[[ Source material, beginning ]]

Lemma fin_gen_prodset A B :
  add_subgroup B -> fin_gen A -> fin_gen B -> fin_gen (prodset A B).
Proof.
move=> hB /fin_genP [T1 [f1 Af]] /fin_genP [T2 [f2 Bf]]; apply/fin_genP.
exists (T1 * T2)%type, (fun t => f1 t.1 * f2 t.2) => x; split.
  apply: prodset_min; first exact: add_subgroup_int_span.
  by move=> a b /Af Aa /Bf Bb; apply: int_span_mul.
apply: int_span_min; first exact: add_subgroup_prodset.
by move=> t; apply: prodsetM; [apply/Af | apply/Bf]; apply: int_span_gen.
Qed.

Lemma ipow1 I : add_subgroup I -> set_eq (ipow I 1) I.
Proof.
move=> hI x; split; first by apply: prodset_min => // c i Cc Ii; apply: Cc.
by move=> Ix; rewrite -[x]mul1r; apply: prodsetM => //; apply: colon1.
Qed.

Lemma fin_gen_ipowS I k : add_subgroup I -> fin_gen I -> fin_gen (ipow I k.+1).
Proof.
move=> hI fgI; elim: k => [|k IH]; last exact: fin_gen_prodset.
by apply: fin_gen_eq fgI => x; rewrite ipow1.
Qed.

Lemma ipow_exprS I k a : I a -> ipow I k.+1 (a ^+ k.+1).
Proof.
move=> Ia; elim: k => [|k IH]; last by rewrite exprSr; apply: prodsetM.
by rewrite -[a ^+ 1]mul1r; apply: prodsetM => //; apply: colon1.
Qed.

Lemma blowup_colon_fin_gen I : add_subgroup I -> fin_gen (blowup I) ->
  exists n, set_eq (blowup I) (colon (ipow I n) (ipow I n)).
Proof.
move=> hI /fin_genP [T [f Bf]].
have [K CK] : exists K : T -> nat, forall t, colon (ipow I (K t)) (ipow I (K t)) (f t).
  by apply: (fin_all_exists (P := fun t k => colon (ipow I k) (ipow I k) (f t))) => t;
    apply/Bf/int_span_gen.
exists (\max_t K t) => x; split=> [/Bf | Cx]; last by exists (\max_t K t).
apply: int_span_min => [|t].
  exact/add_subgroup_subring/subring_colon/add_subgroup_ipow.
by apply: colon_ipow_mono (CK t); apply: leq_bigmax.
Qed.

[[ Source material, end ]]

[What is expected]
Reproduce each entry in the listing character for character.

[Task output]
Lemma fin_gen_prodset A B :
  add_subgroup B -> fin_gen A -> fin_gen B -> fin_gen (prodset A B).
Proof.
move=> hB /fin_genP [T1 [f1 Af]] /fin_genP [T2 [f2 Bf]]; apply/fin_genP.
exists (T1 * T2)%type, (fun t => f1 t.1 * f2 t.2) => x; split.
  apply: prodset_min; first exact: add_subgroup_int_span.
  by move=> a b /Af Aa /Bf Bb; apply: int_span_mul.
apply: int_span_min; first exact: add_subgroup_prodset.
by move=> t; apply: prodsetM; [apply/Af | apply/Bf]; apply: int_span_gen.
Qed.

Lemma ipow1 I : add_subgroup I -> set_eq (ipow I 1) I.
Proof.
move=> hI x; split; first by apply: prodset_min => // c i Cc Ii; apply: Cc.
by move=> Ix; rewrite -[x]mul1r; apply: prodsetM => //; apply: colon1.
Qed.

Lemma fin_gen_ipowS I k : add_subgroup I -> fin_gen I -> fin_gen (ipow I k.+1).
Proof.
move=> hI fgI; elim: k => [|k IH]; last exact: fin_gen_prodset.
by apply: fin_gen_eq fgI => x; rewrite ipow1.
Qed.

Lemma ipow_exprS I k a : I a -> ipow I k.+1 (a ^+ k.+1).
Proof.
move=> Ia; elim: k => [|k IH]; last by rewrite exprSr; apply: prodsetM.
by rewrite -[a ^+ 1]mul1r; apply: prodsetM => //; apply: colon1.
Qed.

Lemma blowup_colon_fin_gen I : add_subgroup I -> fin_gen (blowup I) ->
  exists n, set_eq (blowup I) (colon (ipow I n) (ipow I n)).
Proof.
move=> hI /fin_genP [T [f Bf]].
have [K CK] : exists K : T -> nat, forall t, colon (ipow I (K t)) (ipow I (K t)) (f t).
  by apply: (fin_all_exists (P := fun t k => colon (ipow I k) (ipow I k) (f t))) => t;
    apply/Bf/int_span_gen.
exists (\max_t K t) => x; split=> [/Bf | Cx]; last by exists (\max_t K t).
apply: int_span_min => [|t].
  exact/add_subgroup_subring/subring_colon/add_subgroup_ipow.
by apply: colon_ipow_mono (CK t); apply: leq_bigmax.
Qed.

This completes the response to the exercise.